EXERCISE GOAL> Give back the whole listing exactly as shown.

*** Begin section ***

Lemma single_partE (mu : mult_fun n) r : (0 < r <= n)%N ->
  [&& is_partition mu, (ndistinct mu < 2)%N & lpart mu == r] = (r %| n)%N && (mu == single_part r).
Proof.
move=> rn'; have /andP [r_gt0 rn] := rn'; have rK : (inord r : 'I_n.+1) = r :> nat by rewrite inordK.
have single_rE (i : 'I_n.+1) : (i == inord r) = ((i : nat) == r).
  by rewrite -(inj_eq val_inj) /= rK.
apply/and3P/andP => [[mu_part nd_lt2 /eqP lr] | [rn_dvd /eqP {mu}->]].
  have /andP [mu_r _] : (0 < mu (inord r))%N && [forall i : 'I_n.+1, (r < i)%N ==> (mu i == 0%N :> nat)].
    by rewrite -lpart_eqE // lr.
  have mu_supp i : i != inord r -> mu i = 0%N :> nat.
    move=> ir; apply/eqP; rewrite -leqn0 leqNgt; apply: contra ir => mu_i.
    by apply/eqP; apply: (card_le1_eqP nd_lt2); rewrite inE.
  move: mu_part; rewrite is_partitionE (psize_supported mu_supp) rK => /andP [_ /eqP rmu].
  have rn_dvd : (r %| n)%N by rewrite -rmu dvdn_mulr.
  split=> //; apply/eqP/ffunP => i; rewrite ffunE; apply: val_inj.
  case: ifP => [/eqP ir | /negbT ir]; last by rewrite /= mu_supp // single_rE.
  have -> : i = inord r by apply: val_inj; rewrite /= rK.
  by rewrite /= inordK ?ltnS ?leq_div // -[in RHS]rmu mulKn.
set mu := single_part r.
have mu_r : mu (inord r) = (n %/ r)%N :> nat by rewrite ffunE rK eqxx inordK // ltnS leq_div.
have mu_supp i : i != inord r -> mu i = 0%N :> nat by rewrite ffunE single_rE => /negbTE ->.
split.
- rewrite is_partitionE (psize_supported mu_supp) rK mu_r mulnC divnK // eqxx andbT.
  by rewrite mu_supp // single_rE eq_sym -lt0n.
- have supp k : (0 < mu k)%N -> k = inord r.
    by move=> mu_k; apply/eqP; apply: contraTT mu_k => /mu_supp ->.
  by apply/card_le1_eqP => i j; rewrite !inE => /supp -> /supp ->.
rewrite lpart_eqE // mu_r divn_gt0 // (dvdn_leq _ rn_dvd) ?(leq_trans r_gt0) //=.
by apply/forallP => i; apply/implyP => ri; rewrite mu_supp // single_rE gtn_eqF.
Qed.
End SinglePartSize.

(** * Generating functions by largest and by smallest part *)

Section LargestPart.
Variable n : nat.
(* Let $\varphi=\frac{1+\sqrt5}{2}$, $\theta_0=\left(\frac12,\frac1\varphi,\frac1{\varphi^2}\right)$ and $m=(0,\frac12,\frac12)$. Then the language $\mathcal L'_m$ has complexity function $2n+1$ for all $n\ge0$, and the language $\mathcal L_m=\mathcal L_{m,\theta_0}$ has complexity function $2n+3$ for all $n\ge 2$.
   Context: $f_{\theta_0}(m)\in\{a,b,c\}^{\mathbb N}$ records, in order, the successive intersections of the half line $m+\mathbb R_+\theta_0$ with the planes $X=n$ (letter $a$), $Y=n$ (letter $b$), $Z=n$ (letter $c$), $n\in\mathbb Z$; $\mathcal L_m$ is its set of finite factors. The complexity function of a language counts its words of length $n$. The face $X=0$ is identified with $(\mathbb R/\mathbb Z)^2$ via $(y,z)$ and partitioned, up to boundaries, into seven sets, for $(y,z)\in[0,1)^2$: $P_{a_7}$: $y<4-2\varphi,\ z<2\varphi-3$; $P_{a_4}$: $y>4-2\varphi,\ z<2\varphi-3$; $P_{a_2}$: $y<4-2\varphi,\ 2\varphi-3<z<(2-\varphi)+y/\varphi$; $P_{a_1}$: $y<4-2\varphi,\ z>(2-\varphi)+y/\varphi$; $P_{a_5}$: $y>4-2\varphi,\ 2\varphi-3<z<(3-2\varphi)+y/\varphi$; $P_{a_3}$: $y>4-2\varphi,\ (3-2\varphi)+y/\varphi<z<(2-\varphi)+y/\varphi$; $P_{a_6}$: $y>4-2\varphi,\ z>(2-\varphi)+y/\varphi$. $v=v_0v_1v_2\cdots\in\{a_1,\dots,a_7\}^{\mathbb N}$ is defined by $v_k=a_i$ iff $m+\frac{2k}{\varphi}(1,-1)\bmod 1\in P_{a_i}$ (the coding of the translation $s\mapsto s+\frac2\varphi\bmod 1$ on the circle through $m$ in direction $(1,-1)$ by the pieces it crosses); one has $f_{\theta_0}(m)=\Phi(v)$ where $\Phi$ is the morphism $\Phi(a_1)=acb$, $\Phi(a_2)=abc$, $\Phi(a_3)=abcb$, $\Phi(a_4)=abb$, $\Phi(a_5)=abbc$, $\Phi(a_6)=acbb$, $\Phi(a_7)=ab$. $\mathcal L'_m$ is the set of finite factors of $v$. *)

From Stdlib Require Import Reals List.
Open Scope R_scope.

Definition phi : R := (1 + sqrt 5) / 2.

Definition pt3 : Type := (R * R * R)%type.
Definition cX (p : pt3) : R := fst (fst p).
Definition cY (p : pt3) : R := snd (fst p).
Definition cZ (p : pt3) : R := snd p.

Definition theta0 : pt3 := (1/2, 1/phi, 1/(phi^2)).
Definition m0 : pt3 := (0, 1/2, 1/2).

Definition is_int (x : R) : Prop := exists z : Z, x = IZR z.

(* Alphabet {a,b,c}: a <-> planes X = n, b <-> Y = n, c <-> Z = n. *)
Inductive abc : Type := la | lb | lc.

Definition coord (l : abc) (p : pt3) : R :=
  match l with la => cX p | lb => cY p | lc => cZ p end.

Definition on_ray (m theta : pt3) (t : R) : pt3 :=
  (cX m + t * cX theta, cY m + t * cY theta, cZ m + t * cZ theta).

*** End section ***

SOLVED PROBLEM>
Lemma single_partE (mu : mult_fun n) r : (0 < r <= n)%N ->
  [&& is_partition mu, (ndistinct mu < 2)%N & lpart mu == r] = (r %| n)%N && (mu == single_part r).
Proof.
move=> rn'; have /andP [r_gt0 rn] := rn'; have rK : (inord r : 'I_n.+1) = r :> nat by rewrite inordK.
have single_rE (i : 'I_n.+1) : (i == inord r) = ((i : nat) == r).
  by rewrite -(inj_eq val_inj) /= rK.
apply/and3P/andP => [[mu_part nd_lt2 /eqP lr] | [rn_dvd /eqP {mu}->]].
  have /andP [mu_r _] : (0 < mu (inord r))%N && [forall i : 'I_n.+1, (r < i)%N ==> (mu i == 0%N :> nat)].
    by rewrite -lpart_eqE // lr.
  have mu_supp i : i != inord r -> mu i = 0%N :> nat.
    move=> ir; apply/eqP; rewrite -leqn0 leqNgt; apply: contra ir => mu_i.
    by apply/eqP; apply: (card_le1_eqP nd_lt2); rewrite inE.
  move: mu_part; rewrite is_partitionE (psize_supported mu_supp) rK => /andP [_ /eqP rmu].
  have rn_dvd : (r %| n)%N by rewrite -rmu dvdn_mulr.
  split=> //; apply/eqP/ffunP => i; rewrite ffunE; apply: val_inj.
  case: ifP => [/eqP ir | /negbT ir]; last by rewrite /= mu_supp // single_rE.
  have -> : i = inord r by apply: val_inj; rewrite /= rK.
  by rewrite /= inordK ?ltnS ?leq_div // -[in RHS]rmu mulKn.
set mu := single_part r.
have mu_r : mu (inord r) = (n %/ r)%N :> nat by rewrite ffunE rK eqxx inordK // ltnS leq_div.
have mu_supp i : i != inord r -> mu i = 0%N :> nat by rewrite ffunE single_rE => /negbTE ->.
split.
- rewrite is_partitionE (psize_supported mu_supp) rK mu_r mulnC divnK // eqxx andbT.
  by rewrite mu_supp // single_rE eq_sym -lt0n.
- have supp k : (0 < mu k)%N -> k = inord r.
    by move=> mu_k; apply/eqP; apply: contraTT mu_k => /mu_supp ->.
  by apply/card_le1_eqP => i j; rewrite !inE => /supp -> /supp ->.
rewrite lpart_eqE // mu_r divn_gt0 // (dvdn_leq _ rn_dvd) ?(leq_trans r_gt0) //=.
by apply/forallP => i; apply/implyP => ri; rewrite mu_supp // single_rE gtn_eqF.
Qed.
End SinglePartSize.

(** * Generating functions by largest and by smallest part *)

Section LargestPart.
Variable n : nat.
(* Let $\varphi=\frac{1+\sqrt5}{2}$, $\theta_0=\left(\frac12,\frac1\varphi,\frac1{\varphi^2}\right)$ and $m=(0,\frac12,\frac12)$. Then the language $\mathcal L'_m$ has complexity function $2n+1$ for all $n\ge0$, and the language $\mathcal L_m=\mathcal L_{m,\theta_0}$ has complexity function $2n+3$ for all $n\ge 2$.
   Context: $f_{\theta_0}(m)\in\{a,b,c\}^{\mathbb N}$ records, in order, the successive intersections of the half line $m+\mathbb R_+\theta_0$ with the planes $X=n$ (letter $a$), $Y=n$ (letter $b$), $Z=n$ (letter $c$), $n\in\mathbb Z$; $\mathcal L_m$ is its set of finite factors. The complexity function of a language counts its words of length $n$. The face $X=0$ is identified with $(\mathbb R/\mathbb Z)^2$ via $(y,z)$ and partitioned, up to boundaries, into seven sets, for $(y,z)\in[0,1)^2$: $P_{a_7}$: $y<4-2\varphi,\ z<2\varphi-3$; $P_{a_4}$: $y>4-2\varphi,\ z<2\varphi-3$; $P_{a_2}$: $y<4-2\varphi,\ 2\varphi-3<z<(2-\varphi)+y/\varphi$; $P_{a_1}$: $y<4-2\varphi,\ z>(2-\varphi)+y/\varphi$; $P_{a_5}$: $y>4-2\varphi,\ 2\varphi-3<z<(3-2\varphi)+y/\varphi$; $P_{a_3}$: $y>4-2\varphi,\ (3-2\varphi)+y/\varphi<z<(2-\varphi)+y/\varphi$; $P_{a_6}$: $y>4-2\varphi,\ z>(2-\varphi)+y/\varphi$. $v=v_0v_1v_2\cdots\in\{a_1,\dots,a_7\}^{\mathbb N}$ is defined by $v_k=a_i$ iff $m+\frac{2k}{\varphi}(1,-1)\bmod 1\in P_{a_i}$ (the coding of the translation $s\mapsto s+\frac2\varphi\bmod 1$ on the circle through $m$ in direction $(1,-1)$ by the pieces it crosses); one has $f_{\theta_0}(m)=\Phi(v)$ where $\Phi$ is the morphism $\Phi(a_1)=acb$, $\Phi(a_2)=abc$, $\Phi(a_3)=abcb$, $\Phi(a_4)=abb$, $\Phi(a_5)=abbc$, $\Phi(a_6)=acbb$, $\Phi(a_7)=ab$. $\mathcal L'_m$ is the set of finite factors of $v$. *)

From Stdlib Require Import Reals List.
Open Scope R_scope.

Definition phi : R := (1 + sqrt 5) / 2.

Definition pt3 : Type := (R * R * R)%type.
Definition cX (p : pt3) : R := fst (fst p).
Definition cY (p : pt3) : R := snd (fst p).
Definition cZ (p : pt3) : R := snd p.

Definition theta0 : pt3 := (1/2, 1/phi, 1/(phi^2)).
Definition m0 : pt3 := (0, 1/2, 1/2).

Definition is_int (x : R) : Prop := exists z : Z, x = IZR z.

(* Alphabet {a,b,c}: a <-> planes X = n, b <-> Y = n, c <-> Z = n. *)
Inductive abc : Type := la | lb | lc.

Definition coord (l : abc) (p : pt3) : R :=
  match l with la => cX p | lb => cY p | lc => cZ p end.

Definition on_ray (m theta : pt3) (t : R) : pt3 :=
  (cX m + t * cX theta, cY m + t * cY theta, cZ m + t * cZ theta).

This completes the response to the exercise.